(* Let $\mathbf{O}\,\dot\cup\,\{S\}$ be a finite set of categorical variables, $\hat{s}$ a fixed value of $S$, and $\mathcal{G}$ a DAG over $\mathbf{O}\cup\{S\}$ in which $S$ has no children. Let $P$ be a distribution over $\mathbf{O}$ such that $p(\mathrm{pa}_{\mathcal{G}}(S)=\mathbf{z})>0$ for every value $\mathbf{z}$ of $\mathrm{pa}_{\mathcal{G}}(S)$. Then $$P\in\mathbf{BN}(\mathcal{G})[^{S=\hat{s}}\iff P[^{\mathrm{pa}_{\mathcal{G}}(S)}\in\mathbf{BN}(\mathcal{G}_{\mathbf{O}})[^{\mathrm{pa}_{\mathcal{G}}(S)},$$ where $\mathcal{G}_{\mathbf{O}}$ is the induced subgraph of $\mathcal{G}$ on $\mathbf{O}$.
   Context: $\mathbf{BN}(\mathcal{H})$ for a DAG $\mathcal{H}$ is the set of distributions over its nodes satisfying the Markov condition (each variable independent of its non-descendant non-parents given its parents; equivalently $p(\mathbf{x})=\prod_X p(x\mid\mathrm{pa}_{\mathcal{H}}(X))$). For a model $\mathbf{M}$ over $\mathbf{O}\cup\{S\}$, $\mathbf{M}[^{S=\hat{s}}$ is the set of distributions $Q$ over $\mathbf{O}$ such that there is $R\in\mathbf{M}$ with $r(\hat{s})>0$ and $q(\mathbf{o})=r(\mathbf{o}\mid\hat{s})$. For a distribution $P$ over $\mathbf{O}$ and $\mathbf{C}\subseteq\mathbf{O}$, $P[^{\mathbf{C}}$ denotes the conditional distribution of $\mathbf{O}\setminus\mathbf{C}$ given $\mathbf{C}$ under $P$; for a model $\mathbf{M}$ over $\mathbf{O}$, $\mathbf{M}[^{\mathbf{C}}$ is the set of conditional distributions $Q$ of $\mathbf{O}\setminus\mathbf{C}$ given $\mathbf{C}$ for which there is $R\in\mathbf{M}$ with $r(\mathbf{c})>0$ for all values $\mathbf{c}$ and $q(\cdot\mid\mathbf{c})=r(\cdot\mid\mathbf{c})$. *)

From HB Require Import structures.
From mathcomp Require Import all_boot all_order all_algebra.
Set Implicit Arguments. Unset Strict Implicit. Unset Printing Implicit Defensive.
Import Order.TTheory GRing.Theory Num.Theory.
Local Open Scope ring_scope.

Definition assign (I : finType) (dom : I -> finType) : finType :=
  {dffun forall i : I, dom i}.

Definition is_dist (R : realFieldType) (T : finType) (p : T -> R) : Prop :=
  (forall t, 0 <= p t) /\ \sum_t p t = 1.

Definition marg (R : realFieldType) (I : finType) (dom : I -> finType)
  (p : assign dom -> R) (A : {set I}) (x : assign dom) : R :=
  \sum_(y : assign dom | [forall i in A, y i == x i]) p y.

(* A DAG is given by its edge relation: G u v means u -> v. *)
Definition acyclic (I : finType) (G : rel I) : Prop :=
  forall u v, G u v -> ~~ connect G v u.

Definition pa (I : finType) (G : rel I) (v : I) : {set I} := [set u | G u v].

Definition BN (R : realFieldType) (I : finType) (dom : I -> finType)
  (G : rel I) (p : assign dom -> R) : Prop :=
  is_dist p /\
  forall x, p x = \prod_(v : I) (marg p (v |: pa G v) x / marg p (pa G v) x).

(* Variables O (dot-cup) {S}: encoded as option O, with None = S. *)
Definition fdom (O : finType) (dom : O -> finType) (DS : finType)
  (v : option O) : finType :=
  match v with None => DS | Some o => dom o end.

Definition join (O : finType) (dom : O -> finType) (DS : finType)
  (x : assign dom) (s : DS) : assign (fdom dom DS) :=
  finfun (fun v : option O =>
    match v as v' return fdom dom DS v' with
    | None => s
    | Some o => x o
    end).

Definition paS (O : finType) (G : rel (option O)) : {set O} :=
  [set o | G (Some o) None].

Definition induced (O : finType) (G : rel (option O)) : rel O :=
  fun u v => G (Some u) (Some v).

Definition BN_sel (R : realFieldType) (O : finType) (dom : O -> finType)
  (DS : finType) (G : rel (option O)) (shat : DS) (p : assign dom -> R) : Prop :=
  exists r : assign (fdom dom DS) -> R,
    BN G r /\ 0 < \sum_(x : assign dom) r (join x shat) /\
    forall x, p x = r (join x shat) / \sum_(x' : assign dom) r (join x' shat).

(* P[^C \in M[^C for M = BN(G'): conditional distributions of O\C given C,
   written as functions of the full assignment x. *)
Definition BN_cond (R : realFieldType) (O : finType) (dom : O -> finType)
  (G' : rel O) (C : {set O}) (p : assign dom -> R) : Prop :=
  exists r : assign dom -> R,
    BN G' r /\ (forall x, 0 < marg r C x) /\
    forall x, p x / marg p C x = r x / marg r C x.

From HB Require Import structures.
From mathcomp Require Import all_boot all_order all_algebra.
From mathcomp Require Import ring lra.
Import Order.TTheory GRing.Theory Num.Theory.
Set Implicit Arguments. Unset Strict Implicit. Unset Printing Implicit Defensive.
Local Open Scope ring_scope.

(* An assignment of O ∪ {S} is a pair (x, s) (join/proj), and r_O(x) = Σ_s r(x,s)
   is the marginal of r on O.  Write C = pa_G(S).  Since S has no children, the
   BN product of any r over G splits (bn_prod_join) as
       Π_G r (x, s) = r(x_C, s) / r_O(x_C) · Π_{G_O} r_O (x),
   i.e. into the conditional of S given C times the G_O-product of r_O.
   (⇒, BN_sel_cond) If P = r(·, ŝ)/r(ŝ) with r ∈ BN(G), then r_O ∈ BN(G_O)
   (marg_O_BN) and the selection factor r(x_C, ŝ)/r_O(x_C) only depends on x_C,
   so it cancels in P(x)/P(x_C) = r_O(x)/r_O(x_C).
   (⇐, BN_cond_sel) Given r ∈ BN(G_O) with P(·|C) = r(·|C), add S as a child of
   C through a two-point kernel h(ŝ | x_C) = c · P(x_C)/r(x_C), with c chosen
   so that h takes values in [0,1].  The extension r·h lies in BN(G) (extend_BN)
   and its conditional at S = ŝ is P. *)

Definition bn_prod (R : realFieldType) (I : finType) (dom : I -> finType)
  (G : rel I) (p : assign dom -> R) (x : assign dom) : R :=
  \prod_(v : I) (marg p (v |: pa G v) x / marg p (pa G v) x).

Lemma ler_sum_term (R : realFieldType) (I : finType) (F : I -> R) (i : I) :
  (forall j, 0 <= F j) -> F i <= \sum_j F j.
Proof. by move=> F_ge0; rewrite (bigD1 i) //= lerDl sumr_ge0. Qed.

Section Marginals.
Variables (R : realFieldType) (I : finType) (dom : I -> finType).
Implicit Types (p q : assign dom -> R) (A : {set I}) (x : assign dom).

Lemma marg_agree p A x x' :
  [forall i in A, x' i == x i] -> marg p A x' = marg p A x.
Proof.
move=> /forallP agree; apply: eq_bigl => y; apply: eq_forallb => i.
by case: (boolP (i \in A)) => //= iA; rewrite (eqP (implyP (agree i) iA)).
Qed.

Lemma marg_ext p q A x : p =1 q -> marg p A x = marg q A x.
Proof. by move=> epq; apply: eq_bigr. Qed.

Lemma le_marg p A x : (forall y, 0 <= p y) -> p x <= marg p A x.
Proof.
move=> p_ge0; rewrite /marg (bigD1 x) /=; last by apply/forall_inP.
by rewrite lerDl sumr_ge0.
Qed.

End Marginals.

Section TwoPoint.
Variables (R : realFieldType) (T : finType) (t0 t1 : T).

Definition two_point (a : R) (t : T) : R := (t == t0)%:R * a + (t == t1)%:R * (1 - a).

Lemma two_point_dist (a : R) : 0 <= a <= 1 -> is_dist (two_point a).
Proof.
move=> /andP[a_ge0 a_le1]; split=> [t|].
  by rewrite addr_ge0 // mulr_ge0 ?ler0n ?subr_ge0.
have mass1 u : \sum_(t : T) (t == u)%:R = 1 :> R.
  by rewrite (bigD1 u) //= eqxx big1 ?addr0 // => t /negbTE ->.
by rewrite big_split /= -!mulr_suml !mass1 !mul1r addrC subrK.
Qed.

Lemma two_point_t0 (a : R) : t0 != t1 -> two_point a t0 = a.
Proof. by move=> /negbTE t01; rewrite /two_point eqxx t01 mul1r mul0r addr0. Qed.

End TwoPoint.

Lemma exists_other (T : finType) (t : T) : (1 < #|T|)%N -> exists t', t' != t.
Proof.
move=> /card_gt1P [a [b [_ _ ab]]].
by case: (eqVneq a t) => [<-|a_neq]; [exists b; rewrite eq_sym | exists a].
Qed.

Section JoinedAssignments.
Variables (R : realFieldType) (O : finType) (dom : O -> finType) (DS : finType).
Local Notation assignS := (assign (fdom dom DS)).
Implicit Types (x : assign dom) (s : DS) (F : assignS -> R).

Definition proj (y : assignS) : assign dom := @finfun O dom (fun o => y (Some o)).

Lemma join_proj (y : assignS) : join (proj y) (y None) = y.
Proof. by apply/ffunP => -[o|]; rewrite !ffunE. Qed.

Lemma proj_join x s : proj (join x s) = x.
Proof. by apply/ffunP => o; rewrite !ffunE. Qed.

Lemma join_None x s : join x s None = s.
Proof. by rewrite ffunE. Qed.

Lemma join_Some x s o : join x s (Some o) = x o.
Proof. by rewrite ffunE. Qed.

Lemma sum_join F : \sum_y F y = \sum_x \sum_s F (join x s).
Proof.
rewrite pair_big (reindex (fun xs : assign dom * DS => join xs.1 xs.2)) //=.
exists (fun y => (proj y, y None)) => [[x s] _|y _] /=.
  by rewrite proj_join join_None.
by rewrite join_proj.
Qed.

Definition margO F x : R := \sum_s F (join x s).

Definition margCS F (C : {set O}) x s : R :=
  \sum_(x' : assign dom | [forall o in C, x' o == x o]) F (join x' s).

Lemma sum_margCS F C x : \sum_s margCS F C x s = marg (margO F) C x.
Proof. by rewrite /marg /margO exchange_big. Qed.

Lemma agree_join (A : {set option O}) x x' s s' :
  [forall i in A, join x' s' i == join x s i] =
  [forall o in [set o | Some o \in A], x' o == x o] && ((None \in A) ==> (s' == s)).
Proof.
apply/forallP/andP => [agree|[/forallP agreeO agreeS] [o|]].
- split; last by apply/implyP => SA; have := implyP (agree None) SA; rewrite !join_None.
  apply/forallP => o; apply/implyP; rewrite inE => oA.
  by have := implyP (agree (Some o)) oA; rewrite !join_Some.
- by apply/implyP => oA; rewrite !join_Some; apply: (implyP (agreeO o)); rewrite inE.
- by apply/implyP => SA; rewrite !join_None (implyP agreeS SA).
Qed.

Lemma marg_join F (A : {set option O}) x s :
  marg F A (join x s) =
  \sum_(x' : assign dom | [forall o in [set o | Some o \in A], x' o == x o])
     (if None \in A then F (join x' s) else \sum_s' F (join x' s')).
Proof.
rewrite /marg big_mkcond sum_join [RHS]big_mkcond /=; apply: eq_bigr => x' _.
under eq_bigr => s' _ do rewrite agree_join.
case: [forall _ in _, _]; last by rewrite big1 //; case: ifP.
case: ifP => //= _; rewrite (bigD1 s) //= eqxx big1 ?addr0 // => s' /negbTE -> //.
Qed.

Lemma marg_join_O F (A : {set option O}) x s :
  None \notin A -> marg F A (join x s) = marg (margO F) [set o | Some o \in A] x.
Proof. by move=> SA; rewrite marg_join (negbTE SA). Qed.

Definition extend (r : assign dom -> R) (h : assign dom -> DS -> R) (y : assignS) : R :=
  r (proj y) * h (proj y) (y None).

Lemma extend_join r h x s : extend r h (join x s) = r x * h x s.
Proof. by rewrite /extend proj_join join_None. Qed.

Lemma margO_extend r h : (forall x, \sum_s h x s = 1) -> margO (extend r h) =1 r.
Proof.
move=> h1 x; rewrite /margO; under eq_bigr do rewrite extend_join.
by rewrite -mulr_sumr h1 mulr1.
Qed.

Lemma extend_dist r h : is_dist r -> (forall x, is_dist (h x)) -> is_dist (extend r h).
Proof.
move=> [r_ge0 r1] h_dist; split=> [y|]; first by rewrite mulr_ge0 //; case: (h_dist (proj y)).
rewrite sum_join -r1; apply: eq_bigr => x _.
exact: (margO_extend r (fun x => proj2 (h_dist x))).
Qed.

Section Childless.
Variables (G : rel (option O)) (no_child : forall v, ~~ G None v).
Local Notation C := (paS G).

Lemma bn_prod_join F x s :
  bn_prod G F (join x s) =
  margCS F C x s / marg (margO F) C x *
  bn_prod (induced G) (margO F) x.
Proof.
have paO (A : {set option O}) (B : {set O}) :
    None \notin A -> [set o | Some o \in A] = B -> marg F A (join x s) = marg (margO F) B x.
  by move=> SA <-; apply: marg_join_O.
rewrite /bn_prod (bigD1 None) //=; congr (_ / _ * _).
- rewrite marg_join !inE eqxx /=; apply: eq_bigl => x'.
  by apply: eq_forallb => o; rewrite !inE.
- by apply: paO; [rewrite inE (negbTE (no_child _)) | apply/setP => o; rewrite !inE].
rewrite (reindex_omap Some id) //=; last by case.
apply: eq_big => [o|o _]; first by rewrite eqxx.
by congr (_ / _); apply: paO; rewrite ?inE ?(negbTE (no_child _)) //;
  apply/setP => o'; rewrite !inE.
Qed.

Lemma marg_O_BN r :
  BN G r -> (forall x, 0 < marg (margO r) C x) -> BN (induced G) (margO r).
Proof.
move=> [[r_ge0 r1] r_fact] m_gt0; split; first split.
- by move=> x; apply: sumr_ge0.
- by rewrite /margO -sum_join.
move=> x; change (margO r x = bn_prod (induced G) (margO r) x); rewrite {1}/margO.
under eq_bigr => s _ do rewrite r_fact -/(bn_prod G r _) bn_prod_join //.
by rewrite -!mulr_suml sum_margCS divff ?mul1r // gt_eqF.
Qed.

Lemma extend_BN r h :
  BN (induced G) r -> (forall x, is_dist (h x)) ->
  (forall x x', [forall o in C, x' o == x o] -> h x' =1 h x) ->
  BN G (extend r h).
Proof.
move=> [r_dist r_fact] h_dist h_local; split; first exact: extend_dist.
have [r_ge0 _] := r_dist.
have rO := margO_extend r (fun x => proj2 (h_dist x)).
move=> y; rewrite -(join_proj y) -/(bn_prod _ _ _) bn_prod_join //.
move: (proj y) (y None) => x s; rewrite extend_join.
have -> : bn_prod (induced G) (margO (extend r h)) x = r x.
  by rewrite r_fact; apply: eq_bigr => v _; rewrite !(marg_ext _ _ rO).
have -> : margCS (extend r h) C x s = marg r C x * h x s.
  rewrite /margCS /marg mulr_suml; apply: eq_bigr => x' agree.
  by rewrite extend_join (h_local x x').
(* Where the parent marginal r(x_C) vanishes, r(x) vanishes as well. *)
rewrite (marg_ext _ _ rO); have [m0|m_neq0] := eqVneq (marg r C x) 0.
  have rx0 : r x = 0 by apply/le_anti; rewrite r_ge0 andbT -m0 le_marg.
  by rewrite m0 rx0 !(mul0r, mulr0).
by rewrite [marg r C x * _]mulrC mulfK // mulrC.
Qed.

Lemma BN_sel_cond (shat : DS) (p : assign dom -> R) :
  (forall x, 0 < marg p C x) -> BN_sel G shat p -> BN_cond (induced G) C p.
Proof.
move=> p_gt0 [r [r_BN [K_gt0 p_def]]]; have [[r_ge0 _] r_fact] := r_BN.
set K := \sum_x r (join x shat) in K_gt0 p_def.
have pC x : marg p C x = margCS r C x shat / K.
  by rewrite /marg /margCS mulr_suml; apply: eq_bigr => x' _; rewrite p_def.
have M_gt0 x : 0 < margCS r C x shat.
  by have := p_gt0 x; rewrite pC pmulr_lgt0 // invr_gt0.
have m_gt0 x : 0 < marg (margO r) C x.
  rewrite -sum_margCS; apply: lt_le_trans (M_gt0 x) (ler_sum_term _ _) => s.
  exact: sumr_ge0.
have O_BN := marg_O_BN r_BN m_gt0.
exists (margO r); split=> //; split=> // x.
have rO_fact : margO r x = bn_prod (induced G) (margO r) x := O_BN.2 x.
have r_sel : r (join x shat) = margCS r C x shat / marg (margO r) C x * margO r x.
  by rewrite r_fact -/(bn_prod G r _) bn_prod_join // -rO_fact.
rewrite p_def pC r_sel; field.
by rewrite !gt_eqF.
Qed.

Lemma BN_cond_sel (shat : DS) (p : assign dom -> R) :
  (1 < #|DS|)%N -> is_dist p -> (forall x, 0 < marg p C x) ->
  BN_cond (induced G) C p -> BN_sel G shat p.
Proof.
move=> DS_gt1 [_ p1] p_gt0 [r [r_BN [m_gt0 p_cond]]].
have [s1 s1_shat] := exists_other shat DS_gt1.
(* The selection probability of ŝ given x_C is c · P(x_C)/r(x_C), where the
   normalising constant c keeps it in [0,1]. *)
pose odds x := marg p C x / marg r C x.
have odds_ge0 x : 0 <= odds x by rewrite divr_ge0 // ltW.
pose c := (1 + \sum_x odds x)^-1.
have sum_odds_ge0 : 0 <= \sum_x odds x by exact: sumr_ge0.
have c_gt0 : 0 < c by rewrite invr_gt0; lra.
pose h x := two_point shat s1 (c * odds x).
have h_dist x : is_dist (h x).
  apply: two_point_dist; rewrite mulr_ge0 ?(ltW c_gt0) //=.
  rewrite /c mulrC ler_pdivrMr ?mul1r; last lra.
  have := ler_sum_term x odds_ge0; lra.
have h_local x x' : [forall o in C, x' o == x o] -> h x' =1 h x.
  by move=> agree t; rewrite /h /odds !(marg_agree _ agree).
have sel x : extend r h (join x shat) = c * p x.
  rewrite extend_join /h two_point_t0 1?eq_sym // /odds.
  move: (p_cond x) (p_gt0 x) (m_gt0 x).
  move: (marg p C x) (marg r C x) (p x) (r x) => pC rC px rx cond pC_gt0 rC_gt0.
  have -> : px = rx / rC * pC by rewrite -cond mulfVK // gt_eqF.
  by field; rewrite gt_eqF.
have K : \sum_x extend r h (join x shat) = c.
  by under eq_bigr do rewrite sel; rewrite -mulr_sumr p1 mulr1.
exists (extend r h); split; first exact: extend_BN.
by rewrite K; split=> // x; rewrite sel mulrC mulKf // gt_eqF.
Qed.

End Childless.
End JoinedAssignments.

Theorem theorem4 (R : realFieldType) (O : finType) (dom : O -> finType)
  (DS : finType) (HDS : (1 < #|DS|)%N) (shat : DS) (G : rel (option O))
  (HG : acyclic G) (Hnochild : forall v, ~~ G None v)
  (p : assign dom -> R) (Hp : is_dist p)
  (Hpos : forall x, 0 < marg p (paS G) x) :
  BN_sel G shat p <-> BN_cond (induced G) (paS G) p.
Proof.
split; [exact: BN_sel_cond | exact: BN_cond_sel].
Qed.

═══

Activity -
Scan the records above for the string "ffunP", then select every line that holds it.

Completed task -
Proof. by apply/ffunP => -[o|]; rewrite !ffunE. Qed.
Proof. by apply/ffunP => o; rewrite !ffunE. Qed.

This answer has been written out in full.